Will Democrats’ latest effort to win back the confidence of their voters prove successful?
The Democratic National Committee on Saturday took steps to address the role of “superdelegates” in primary elections, but liberals like radio host and former California Democratic Party chairman Bill Press were unimpressed.
“The Democratic National Committee was in town this weekend for their big annual or biannual confab,” Press explained on air.
“And they had this report in front of them on the changes to the Democratic primary process that was going to make it a more level playing field, which we didn’t see the last time particularly because of super-delegates.”
He continued, expressing skepticism at the party’s plans.

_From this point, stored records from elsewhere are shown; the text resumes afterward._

Definition f2_idle_first (R : realType) : protocol R 2 :=
  fun h => if h is [::] then [ffun a : action 2 => (a == idle)%:R] else f2 R h.

From mathcomp Require Import all_boot all_order all_algebra.
From mathcomp Require Import all_classical all_reals.
From mathcomp Require Import ereal sequences normedtype.
From mathcomp Require Import ring lra.
Import Order.TTheory GRing.Theory Num.Theory.
Local Open Scope ring_scope.
Set Implicit Arguments. Unset Strict Implicit. Unset Printing Implicit Defensive.

(* Let [V m = 2^m / m] for [m >= 2] and [V 1 = 1].  When [m] players are
   pending and all use [f2], each of them succeeds with probability [2^(1-m)]
   and, for [m > 2], at most one does.  This first-step analysis shows that [V]
   of the number of pending players is a potential whose expectation drops by
   exactly [1] in every slot in which a given player is pending, so her
   expected latency under [f2] is [V n].  If instead she idles in slot 1, the
   [n - 1 >= 4] others transmit, each succeeds with probability [2^(2-n)] and at
   most one does, so her expected latency is at most
   [1 + V n - (n-1) 2^(2-n) (V n - V (n-1)) = V n + 1 - (2n - 4)/n < V n].
   Her history at slot 1 is certain, so there the conditional latency is the
   latency itself, and [f2] is not an equilibrium. *)

Section Expectation.
Variables (R : realType) (n k : nat).
Implicit Types (P : profile R n k) (d : cdist R n k) (F G W : config n k -> R).

Definition expect d F : R := \sum_(x <- d) x.1 * F x.2.

Definition transfer P F (c : config n k) : R :=
  \sum_(a : {ffun 'I_n -> action k}) joint_weight P c a * F (next_config c a).

Definition pending (i : 'I_n) (c : config n k) : R := (c i != None)%:R.

Definition latency_potential P (i : 'I_n) W :=
  forall c, transfer P W c = W c - pending i c.

Lemma expect_step P d F : expect (step P d) F = expect d (transfer P F).
Proof.
rewrite /expect /step big_flatten /= big_map; apply: eq_bigr => x _.
rewrite big_map big_enum /= /transfer mulr_sumr; apply: eq_bigr => a _.
by rewrite mulrA.
Qed.

Lemma expectB d F G : expect d (F \- G) = expect d F - expect d G.
Proof. by rewrite /expect -sumrB; apply: eq_bigr => x _; rewrite mulrBr. Qed.

Lemma expectZ d F (r : R) : expect d (fun c => r * F c) = r * expect d F.
Proof. by rewrite /expect mulr_sumr; apply: eq_bigr => x _; rewrite mulrCA. Qed.

Lemma pend_prob_expect P t i : pend_prob P t i predT = expect (dist_at P t) (pending i).
Proof.
rewrite /pend_prob /expect; apply: eq_bigr => x _.
by rewrite /pending; case: (x.2 i) => [h|] /=; rewrite ?mulr1 ?mulr0.
Qed.

Lemma expect_potential P i W : latency_potential P i W -> forall t,
  expect (dist_at P t) W = W (@init_config n k) - \sum_(s < t) pend_prob P s i predT.
Proof.
move=> HW; elim=> [|t IH].
  by rewrite big_ord0 subr0 /expect big_cons big_nil addr0 mul1r.
rewrite big_ord_recr /= expect_step.
have -> : expect (dist_at P t) (transfer P W) = expect (dist_at P t) (W \- pending i).
  by apply: eq_bigr => x _; rewrite HW.
by rewrite expectB IH pend_prob_expect opprD addrA.
Qed.

Definition nonneg_profile P := forall j h a, 0 <= P j h a.

Section NonnegProfile.
Variable P : profile R n k.
Hypothesis P_ge0 : nonneg_profile P.

Lemma joint_weight_ge0 c a : 0 <= joint_weight P c a.
Proof.
by apply: prodr_ge0 => j _; case: (c j) => [h|] //=; rewrite ler0n.
Qed.

Lemma dist_at_ge0 t x : x \in dist_at P t -> 0 <= x.1.
Proof.
elim: t x => [|t IH] x; first by rewrite inE => /eqP ->; exact: ler01.
case/flattenP => s /mapP [y ym ->] /mapP [a _ ->] /=.
by rewrite mulr_ge0 ?joint_weight_ge0 ?IH.
Qed.

Lemma expect_ge0 t F : (forall c, 0 <= F c) -> 0 <= expect (dist_at P t) F.
Proof.
move=> F_ge0; rewrite /expect big_seq; apply: sumr_ge0 => x xP.
by rewrite mulr_ge0 ?F_ge0 ?(dist_at_ge0 xP).
Qed.
Lemma bounded_gap j i : j \in N i -> bounded_after (1 + 2 * delay_bound) (gap j i).
Proof.
move=> jN; have db := delay_bound_ge0.
apply: bounded_afterB; first exact: bounded_err_late.
by apply: bounded_after_le (bounded_err_delay jN); lra.
Qed.

Lemma bounded_err'_late i : bounded_after (1 + 2 * delay_bound) (err' i).
Proof. by apply: bounded_after_le (bounded_err' i); have := delay_bound_ge0; lra. Qed.

Lemma bounded_gap' j i : j \in N i -> bounded_after (1 + 2 * delay_bound) (gap' j i).
Proof.
move=> jN; have db := delay_bound_ge0; have Tji := le_delay_bound jN.
apply: bounded_afterB; first exact: bounded_err'_late.
by apply: bounded_after_le (bounded_after_delay _ (bounded_err' j)); lra.
Qed.

Lemma bounded_diss' : bounded_after (1 + 2 * delay_bound) diss'.
Proof.
apply: bounded_afterD.
  apply: bounded_after_sum => i _; apply: bounded_after_sum => j jN.
  have [hg hg'] := (bounded_gap jN, bounded_gap' jN).
  by apply: bounded_afterMl; apply: bounded_afterD; apply: bounded_after_mxform.
apply: bounded_after_sum => i _; case: (gamma i); last exact: bounded_after_cst.
have [he he'] := (bounded_err_late i, bounded_err'_late i).
by apply: bounded_afterD; apply: bounded_after_mxform.
Qed.

Lemma is_derive_gap j i (t : R) : j \in N i -> delay_bound < t ->
  is_derive t (1:R) (gap j i) (gap' j i t).
Proof.
move=> jN tT; have Tji := le_delay_bound jN; have Tji0 := hT jN.
apply: is_deriveB; first by apply: is_derive_err; lra.
by apply: is_derive_delay; apply: is_derive_err; lra.
Qed.

Lemma is_derive_diss (t : R) : delay_bound < t -> is_derive t (1:R) diss (diss' t).
Proof.
move=> tT; have t0 : 0 < t by apply: le_lt_trans delay_bound_ge0 tT.
apply: is_deriveD.
  apply: is_derive_big => i _; apply: is_derive_big => j jN; apply: is_deriveZ.
  by apply: is_derive_mxform; apply: is_derive_gap.
apply: is_derive_big => i _; case: (gamma i); last exact: is_derive_cst.
by apply: is_derive_mxform; apply: is_derive_err.
Qed.

Lemma diss_cvg0 : diss t @[t --> +oo] --> 0.
Proof.
have [L hL] := bounded_diss'; have db := delay_bound_ge0.
apply: (@barbalat _ lyap _ diss' (1 + 2 * delay_bound) `|L|) => //.
- by move=> t tT; apply: is_derive_lyap; lra.
- by move=> t tT; apply: is_derive_diss; lra.
- by move=> t /hL hLt; apply: le_trans hLt (ler_norm L).
- by move=> t _; apply: diss_ge0.
- by move=> t tT; apply: lyap_ge0; lra.
Qed.

Lemma gap_energy_le_diss j i (t : R) : j \in N i ->
  2^-1 * mxform (K j i) (gap j i t) (gap j i t) <= diss t.
Proof.
move=> jN; have hgap k l : l \in N k -> 0 <= 2^-1 * mxform (K l k) (gap l k t) (gap l k t).
  by move=> /hK hlk; rewrite mulr_ge0 ?spd_mxform_ge0.
have hlead k : 0 <= if gamma k then mxform (K0 k) (err k t) (err k t) else 0.
  by case: (boolP (gamma k)) => // /hK0; exact: spd_mxform_ge0.
apply: le_trans (ler_wpDr (sumr_ge0 _ (fun k _ => hlead k)) (lexx _)).
apply: le_trans (ler_big_term (P := predT) (i := i) _ _) => //.
  exact: ler_big_term jN (hgap i).
by move=> k _; apply: sumr_ge0 => l; apply: hgap.
Qed.

Lemma leader_energy_le_diss i (t : R) : gamma i ->
  mxform (K0 i) (err i t) (err i t) <= diss t.
Proof.
move=> gi; have hlead k : 0 <= if gamma k then mxform (K0 k) (err k t) (err k t) else 0.
  by case: (boolP (gamma k)) => // /hK0; exact: spd_mxform_ge0.
apply: le_trans (ler_wpDl _ (lexx _)).
  by have := ler_big_term (P := predT) (i := i) isT (fun k _ => hlead k); rewrite gi.
by apply: sumr_ge0 => k _; apply: sumr_ge0 => l /hK hlk; rewrite mulr_ge0 ?spd_mxform_ge0.
Qed.

Lemma gap_cvg0 j i : j \in N i -> gap j i t @[t --> +oo] --> (0 : 'cV[R]_m).
Proof.
move=> jN; apply: spd_cvg0 (hK jN) _.
have diss2 : diss t + diss t @[t --> +oo] --> (0 : R).
  by rewrite -[0](addr0 0); exact: cvgD diss_cvg0 diss_cvg0.
apply: squeeze_cvgr (cvg_cst 0) diss2; apply: nearW => t; rewrite (spd_mxform_ge0 _ (hK jN)) /=.
by have := gap_energy_le_diss t jN; lra.
Qed.

Lemma err_cvg0_leader i : gamma i -> err i t @[t --> +oo] --> (0 : 'cV[R]_m).
Proof.
move=> gi; apply: spd_cvg0 (hK0 gi) _.
apply: squeeze_cvgr (cvg_cst 0) diss_cvg0; apply: nearW => t.
by rewrite (spd_mxform_ge0 _ (hK0 gi)) leader_energy_le_diss.
Qed.

Lemma err_cvg0_adj a b : net_adj N gamma (Some a) (Some b) ->
  err a t @[t --> +oo] --> (0 : 'cV[R]_m) -> err b t @[t --> +oo] --> (0 : 'cV[R]_m).
Proof.
move=> /orP[abN|baN] ha.
  have -> : err b = fun t => gap a b t + err a (t - T a b).
    by apply/funext => t; rewrite /gap subrK.
  by rewrite -[0](addr0 0); apply: cvgD (gap_cvg0 abN) (cvg_comp_addr _ ha).
have hd : err b (t - T b a) @[t --> +oo] --> (0 : 'cV[R]_m).
  have -> : (fun t => err b (t - T b a)) = fun t => err a t - gap b a t.
    by apply/funext => t; rewrite /gap opprB [err a t + _]addrC subrK.
  by rewrite -[0](subr0 0); apply: cvgB ha (gap_cvg0 baN).
have -> : err b = fun t => err b (t + T b a - T b a) by apply/funext => t; rewrite addrK.
exact: (cvg_comp_addr (f := fun s => err b (s - T b a)) (T b a) hd).
Qed.

Hypothesis hconn : net_connected N gamma.

Lemma err_cvg0 i : err i t @[t --> +oo] --> (0 : 'cV[R]_m).
Proof.
pose P u := if u is Some j then err j t @[t --> +oo] --> (0 : 'cV[R]_m) else True.
apply: (connect_prop_closed (P := P) _ (hconn None (Some i))) => // [[a|] [b|]] //=.
  by move=> ha /err_cvg0_adj; apply.
by move=> _ /err_cvg0_leader.
Qed.

Lemma state_cvg i : x i t @[t --> +oo] --> x0.
Proof.
have -> : x i = fun t => err i t + x0 by apply/funext => t; rewrite subrK.
by rewrite -[X in _ --> X]add0r; apply: cvgD (err_cvg0 i) (cvg_cst x0).
Qed.

End Consensus.

Theorem theorem4 (R : realType) (m n : nat)
  (N : 'I_n -> {set 'I_n})
  (K : 'I_n -> 'I_n -> 'M[R]_m) (T : 'I_n -> 'I_n -> R)
  (gamma : 'I_n -> bool) (K0 : 'I_n -> 'M[R]_m)
  (x0 : 'cV[R]_m) (x : 'I_n -> R -> 'cV[R]_m)
  (hN : forall i, i \notin N i)
  (hK : forall i j, j \in N i -> spd (K j i))
  (hT : forall i j, j \in N i -> 0 <= T j i)
  (hK0 : forall i, gamma i -> spd (K0 i))
  (hgam : exists i, gamma i)
  (hconn : net_connected N gamma)
  (hlinks : links_ok N K)
  (hcont : forall i, continuous (x i))
  (hdyn : forall i (t : R), 0 < t ->
     is_derive t 1 (x i)
       (\sum_(j in N i) K j i *m (x j (t - T j i) - x i t)
        + (if gamma i then K0 i *m (x0 - x i t) else 0))) :
  forall i, x i t @[t --> +oo] --> x0.
Proof.
exact: state_cvg hK hT hK0 hlinks hcont hdyn hconn.
Qed.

“So they passed a resolution — this is what they did on super-delegates. They passed a resolution to say they are going to examine the perceived influence of super-delegates.
“Boy, what a bold move. Perceived influence? I mean, who are they kidding? Super-delegates have a real influence on who gets nominated. We saw that the last time, right? They cannot get rid of this or shake this. I don’t know why.”
The radio host criticized the DNC for merely determining to “study it further.”
Press’ guest, who was present at some of the Democrats’ meetings on the issue, described the deliberation among party insiders.
“They decided to study it further and I believe there was also a long debate during this that they were either arguing whether the text should say ‘reduce the number of super-delegates’ or ‘reduce or eliminate the number of super-delegates’ and they apparently spent about 20 minutes or so arguing about whether ‘reduce’ inherently contains the possibility of ‘eliminating.’ And so this is the type of thing that the DNC spends a lot of time arguing about.”
According to the report adopted Saturday, the DNC’s Rules and Bylaws Committee will present a final proposal for reducing the “perceived influence” of superdelegates beginning in December, The Hill reports.
DNC chair Tom Perez called the move a “milestone.” He previously told the Associated Press that the party “will improve the democratic process” before the 2020 election.
Superdelegates were a cause of controversy during the 2016 Democratic primaries. Pew Research notes that slightly under 15 percent of delegates to the Democratic National Convention are superdelegates.
During the 2016 cycle, the majority of the assortment of DNC officials, Democratic politicians, and other party insiders overwhelmingly supported Hillary Clinton over Bernie Sanders, leading to accusations of a “rigged” primary.
“If we’re going to win elections, you’ve got to earn the trust of voters, and many voters had a crisis of confidence in the Democratic Party,” Perez said.